Cuba
mi palabra sea XVII

Por Mercedes Santos
Moray
Cuando
se produjeron los históricos sucesos de Chicago, en 1886, y
brotó la violencia social en Estados Unidos, al reportar
sobre aquella confrontación entre la clase obrera y el
capitalismo la prensa norteamericana resultó implacable con
los anarquistas y aplaudió el veredicto de muerte.
Esa óptica
la reflejó también José Martí en su primera crónica a
La Nación, de Buenos Aires, del dos de septiembre de aquel
año. Su fuente de información lo había desinformado y,
sobre todo, manipulado como a la opinión pública en
Norteamérica.
Recordemos
que el cronista que cubría para el gran diario argentino la
realidad del norteño país mediante lo que hoy conocemos
como sus "escenas norteamericanas", bebía de la
prensa plana, a la manera de un activo corresponsal que evalúa
las noticias y las comenta en su propia escritura.
La visión
negativa de los anarquistas, el relato del hecho, la crítica
abstracta a la violencia desde una eticidad que valoraba un
sistema democrático ideal se manifiestan en aquellas letras
de Martí.
Sin
embargo, cuando escribe su crónica del 13 de noviembre de
1887, igualmente para La Nación, donde fue editada bajo el
nominativo de "Un drama terrible", ya habla de
"la guerra social en Chicago" y sus puntos de
vista y perspectiva crítica son radicalmente otras.
¿Qué
sucedió?
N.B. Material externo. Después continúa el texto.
(* Let $\xi$ be a highest $\ell_{\mathbf s}$-weight vector of highest $\ell_{\mathbf s}$-weight $\boldsymbol\lambda(u)=(\lambda_i(u))_{1\le i\le\kappa}$ in a representation of the super Yangian $\mathscr Y_{\mathbf s}$. Then for each $1\le i\le\kappa$, $$t'_{ii}(u)\,\xi=\lambda_i'(u)\,\xi,\qquad \lambda_i'(u)=\frac{1}{\lambda_{i}(u+\rho_{i+1})}\prod_{k=i+1}^{\kappa} \frac{\lambda_k(u+\rho_k)}{\lambda_{k}(u+\rho_{k+1})}.$$
   Context: Fix integers $m,n\ge 0$ and put $\kappa=m+n$. A parity sequence is $\mathbf s=(s_1,\dots,s_\kappa)\in\{\pm1\}^\kappa$ with exactly $m$ entries equal to $1$; write $|i|\in\mathbb Z_2$ with $s_i=(-1)^{|i|}$. Let $V=\mathbb C^{m|n}$ have basis $v_1,\dots,v_\kappa$ with $v_i$ of parity $|i|$, and let $E_{ij}\in\mathrm{End}(V)$ be the matrix units. The super Yangian $\mathscr Y_{\mathbf s}$ is the unital associative superalgebra generated by $t_{ij}^{(r)}$ ($1\le i,j\le\kappa$, $r\ge1$) of parity $|i|+|j|$ with defining relations $[t_{ij}(u),t_{kl}(v)]=\frac{(-1)^{|i||j|+|i||k|+|j||k|}}{u-v}\big(t_{kj}(u)t_{il}(v)-t_{kj}(v)t_{il}(u)\big)$ (supercommutator), where $t_{ij}(u)=\delta_{ij}+\sum_{r\ge1}t_{ij}^{(r)}u^{-r}$. Put $T(u)=\sum_{i,j}(-1)^{|i||j|+|j|}t_{ij}(u)\otimes E_{ij}$ and define the series $t'_{ij}(u)$ by $T(u)^{-1}=\sum_{i,j}(-1)^{|i||j|+|j|}t'_{ij}(u)\otimes E_{ij}$. A nonzero vector $\xi$ in a $\mathscr Y_{\mathbf s}$-module is a highest $\ell_{\mathbf s}$-weight vector of highest $\ell_{\mathbf s}$-weight $\boldsymbol\lambda(u)$ if $t_{ij}(u)\xi=0$ for $1\le i<j\le\kappa$ and $t_{ii}(u)\xi=\lambda_i(u)\xi$ with $\lambda_i(u)\in1+u^{-1}\mathbb C[[u^{-1}]]$. Put $\rho_k=\sum_{a=k}^\kappa s_a$ for $1\le k\le\kappa$, and $\rho_{\kappa+1}=0$. *)

From HB Require Import structures.
From mathcomp Require Import all_boot all_order all_algebra complex.
From mathcomp Require Import Rstruct.
Set Implicit Arguments.
Unset Strict Implicit.
Unset Printing Implicit Defensive.
Import Order.TTheory GRing.Theory Num.Theory.
Local Open Scope ring_scope.

Definition C : numClosedFieldType := (Rdefinitions.R)[i]%C.

(** * Formal power series in u^{-1}, given by their coefficient sequences:
    f : nat -> K  represents  sum_{r >= 0} f r * u^{-r}. *)
Section PowerSeries.
Variable K : fieldType.
Definition ps := nat -> K.

Definition ps_one : ps := fun n => (n == 0%N)%:R.

Definition ps_mul (f g : ps) : ps :=
  fun n => \sum_(k < n.+1) f k * g (n - k)%N.

(* inverse of a series with invertible constant term (fuel = n suffices) *)
Fixpoint ps_inv_aux (fuel : nat) (f : ps) (n : nat) : K :=
  match fuel with
  | 0 => (f 0%N)^-1
  | fu.+1 =>
      if n is 0 then (f 0%N)^-1
      else - (f 0%N)^-1 * \sum_(k < n) f k.+1 * ps_inv_aux fu f (n - k.+1)%N
  end.
Definition ps_inv (f : ps) : ps := fun n => ps_inv_aux n f n.

(* the series f(u + a): (u+a)^{-r} = sum_{m>=0} binom(-r,m) a^m u^{-r-m},
   so the coefficient of u^{-n} is sum_{r<=n} f_r (-1)^{n-r} C(n-1,n-r) a^{n-r} *)
Definition ps_shift (a : K) (f : ps) : ps :=
  fun n => \sum_(r < n.+1)
      f r * ((-1) ^+ (n - r) * ('C(n.-1, n - r))%:R * a ^+ (n - r)).
End PowerSeries.

(** * Super Yangian data.
    kappa = m + n; the parity sequence is encoded by p : 'I_kappa -> bool,
    p i = |i|, s_i = (-1)^{|i|}.  Indices are 0-based: i : 'I_kappa stands
    for the paper's index i+1.
    A representation is a K-vector space M together with the actions
    t r i j : M -> M of the generators t_{ij}^{(r+1)} (r >= 0). *)
Section SuperYangian.
Variable K : fieldType.
Variable kappa : nat.
Variable p : 'I_kappa -> bool.
Variable M : lmodType K.
Variable t : nat -> 'I_kappa -> 'I_kappa -> M -> M.

Definition sgn (b : bool) : K := (-1) ^+ b.

Definition tc (r : nat) (i j : 'I_kappa) (v : M) : M :=
  if r is r'.+1 then t r' i j v else (if i == j then v else 0).

Definition scomm (a : M -> M) (pa : bool) (b : M -> M) (pb : bool) (v : M) : M :=
  a (b v) - sgn (pa && pb) *: b (a v).

(* The defining relations
   [t_ij(u), t_kl(v)] = (-1)^{|i||j|+|i||k|+|j||k|}/(u-v) (t_kj(u)t_il(v) - t_kj(v)t_il(u)),
   written, after multiplying by (u - v), coefficientwise:
   [t_ij^{(r+1)}, t_kl^{(s)}] - [t_ij^{(r)}, t_kl^{(s+1)}]
      = (-1)^{...} (t_kj^{(r)} t_il^{(s)} - t_kj^{(s)} t_il^{(r)}),  r, s >= 0. *)
Definition is_rep : Prop :=
  (forall r i j (a : K) (v w : M), t r i j (a *: v + w) = a *: t r i j v + t r i j w)
  /\ (forall (r s : nat) (i j k l : 'I_kappa) (v : M),
        scomm (tc r.+1 i j) (p i (+) p j) (tc s k l) (p k (+) p l) v
        - scomm (tc r i j) (p i (+) p j) (tc s.+1 k l) (p k (+) p l) v
        = sgn ((p i && p j) (+) (p i && p k) (+) (p j && p k))
            *: (tc r k j (tc s i l v) - tc s k j (tc r i l v))).

(* T(u) = sum_{ij} (-1)^{|i||j|+|j|} t_ij(u) (x) E_ij ; the matrix entry of
   T(u) at (i,j) is A_ij(u) = sigma i j * t_ij(u). *)
Definition sigma (i j : 'I_kappa) : K := sgn ((p i && p j) (+) p j).

(* Sign in the (super) tensor product Y (x) End(V):
   (a (x) E_ij)(b (x) E_jl) = (-1)^{|b| (|i|+|j|)} ab (x) E_il, with |b| = |j|+|l|. *)
Definition eps (i j l : 'I_kappa) : K := sgn ((p j (+) p l) && (p i (+) p j)).

(* Coefficients B^{(r)} of the matrix of T(u)^{-1} (acting on M), determined
   by T(u) T(u)^{-1} = 1, i.e. B^{(0)} = 1 and for r >= 1
   sum_{s=0}^{r} sum_j eps i j l A^{(s)}_ij B^{(r-s)}_jl = 0. *)
Fixpoint Binv_aux (fuel r : nat) (i l : 'I_kappa) (v : M) : M :=
  match fuel with
  | 0 => if i == l then v else 0
  | f.+1 =>
      if r is 0 then (if i == l then v else 0)
      else - \sum_(s < r) \sum_(j < kappa)
               eps i j l *: (sigma i j *: tc s.+1 i j (Binv_aux f (r - s.+1) j l v))
  end.
Definition Binv (r : nat) (i l : 'I_kappa) (v : M) : M := Binv_aux r r i l v.

(* T(u)^{-1} = sum_{ij} (-1)^{|i||j|+|j|} t'_ij(u) (x) E_ij :
   tprime r i j is the action of the coefficient t'_ij^{(r)} (r >= 0). *)
Definition tprime (r : nat) (i j : 'I_kappa) (v : M) : M := sigma i j *: Binv r i j v.

(* highest l_s-weight vector of highest l_s-weight lam; lam i is the
   coefficient sequence of lambda_i(u) in 1 + u^{-1} K[[u^{-1}]] *)
Definition is_highest_weight (xi : M) (lam : 'I_kappa -> ps K) : Prop :=
  [/\ xi != 0,
      forall i, lam i 0%N = 1,
      forall r (i j : 'I_kappa), (i < j)%N -> t r i j xi = 0
    & forall r (i : 'I_kappa), t r i i xi = lam i r.+1 *: xi].
End SuperYangian.

(* rho k (0-based) = sum_{a >= k} s_a; this is the paper's rho_{k+1};
   rho kappa = 0 *)
Definition rho (K : fieldType) (kappa : nat) (p : 'I_kappa -> bool) (k : nat) : K :=
  \sum_(a < kappa | (k <= a)%N) sgn K (p a).

Definition lam_prime (K : fieldType) (kappa : nat) (p : 'I_kappa -> bool)
    (lam : 'I_kappa -> ps K) (i : 'I_kappa) : ps K :=
  ps_mul (ps_inv (ps_shift (@rho K kappa p i.+1) (lam i)))
    (foldr (@ps_mul K) (ps_one K)
       (map (fun k : 'I_kappa => ps_mul (ps_shift (@rho K kappa p k) (lam k))
                                  (ps_inv (ps_shift (@rho K kappa p k.+1) (lam k))))
            (filter (fun k : 'I_kappa => (i < k)%N) (enum 'I_kappa)))).

(* The coefficients t'_ij of T(u)^{-1} are defined by T(u) T(u)^{-1} = 1, from
   which T(u)^{-1} T(u) = 1 follows; conjugating the defining relations by
   T(v)^{-1} gives
     (u - v) [t_ij(u), t'_ab(v)] = +-(d_ib sum_k t'_ak(v) t_kj(u) - d_aj sum_l t_il(u) t'_lb(v)).
   On the highest weight vector xi this first forces t'_ab(u) xi = 0 for a < b.
   Then, for f = i + 1 and c = rho_f, the vectors
     D(u, v) = (T(u) T(v)^{-1})_ii xi - (T(u) T(v)^{-1})_ff xi,
     E(u, v) = t_ii(u) t'_ii(v) xi - lambda_f(u) t'_ff(v) xi
   satisfy (u - v - c) D = (u - v) E, and the substitution u = v + c yields
   t_ii(v + c) t'_ii(v) xi = lambda_f(v + c) t'_ff(v) xi.  As t_ii(v + c) acts
   triangularly with eigenvalue lambda_i(v + c) on xi, this determines t'_ii(v) xi
   from t'_ff(v) xi, and descending induction from t'_kk(u) xi = lambda_k(u)^{-1} xi
   (k the last index) gives the formula. *)

From HB Require Import structures.
From mathcomp Require Import all_boot all_order all_algebra complex.
From mathcomp Require Import Rstruct.
From mathcomp Require Import zify.
From Stdlib Require Import FunctionalExtensionality.
Set Implicit Arguments.
Unset Strict Implicit.
Unset Printing Implicit Defensive.
Import GRing.Theory.
Local Open Scope ring_scope.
Había transcurrido un año de aquel juicio
inicial y concluida luego la apelación a la Corte Suprema,
que condenaría a muerte a cuatro de los siete implicados.
Uno de ellos se suicidaría y sólo tres llegarían a la
horca, en un proceso que Martí calificaría, en esta crónica,
de "revolución social".
El hecho
se había transformado en un debate que hizo participe de la
reflexión y el análisis a la nación norteamericana:
"Jamás desde la guerra del Sur, desde los días trágicos
en que John Brown murió como criminal por intentar solo en
Harper's Ferry lo que como corona de gloria intentó luego
la nación precipitada por su bravura, hubo en los Estados
Unidos tal clamor e interés alrededor de un cadalso",
menciona el cubano en ese trabajo.
En la
prensa comenzaron a manifestarse las contradicciones, e
incluso aparecieron apelativos a la conmutación de la pena.
La demanda de
las ocho horas de trabajo por los obreros, el terror y la
represión policiales, la manipulación del juicio donde se
presentaron testimonios falsos, la crítica a la propia
prensa norteamericana por su esencia manipuladora también
son testimoniados por Martí: "La prensa entera, de San
Francisco a Nueva York, falseando el proceso, pinta a los
siete condenados como bestias dañinas", comenta.
Acerca
de la violencia infligida contra los trabajadores que
siempre queda sin punir, dice: "Los tribunales no han
querido condenar a la policía de Pinkerton, porque uno de
sus soldados mató sin provocación de un tiro a un niño
obrero...", en una civilización que calificó también
de "esbirros y mastines".
El sueño
de paz y de justicia, el clamor de un mundo nuevo frente al
egoísmo y la miseria también se recogen por el periodista
en una de las más fustigantes crónicas que envió al
diario argentino y que, increíblemente para el espíritu
conservador que lo regía, fue publicada.
Armado
de su sensibilidad, su talento y su capacidad de análisis,
enriquecida su experiencia luego de convivir siete años en
los Estados Unidos con el complejísimo proceso histórico
que dio nacimiento a la actual sociedad de nuestros días,
Martí estaba en mejores condiciones para enjuiciar los
sucesos porque, como él mismo apuntara entonces, para
juzgarlos era necesario "pesar las causas históricas
de que nacieron".
Textos
como estos nos debieran también hacer reflexionar para
estudiar la obra martiana en su contextualidad y aprender,
sobre todo, a apreciar el proceso de madurez que llevó al
Apóstol a equivocarse, aprender y crecerse, en un flujo
dialéctico.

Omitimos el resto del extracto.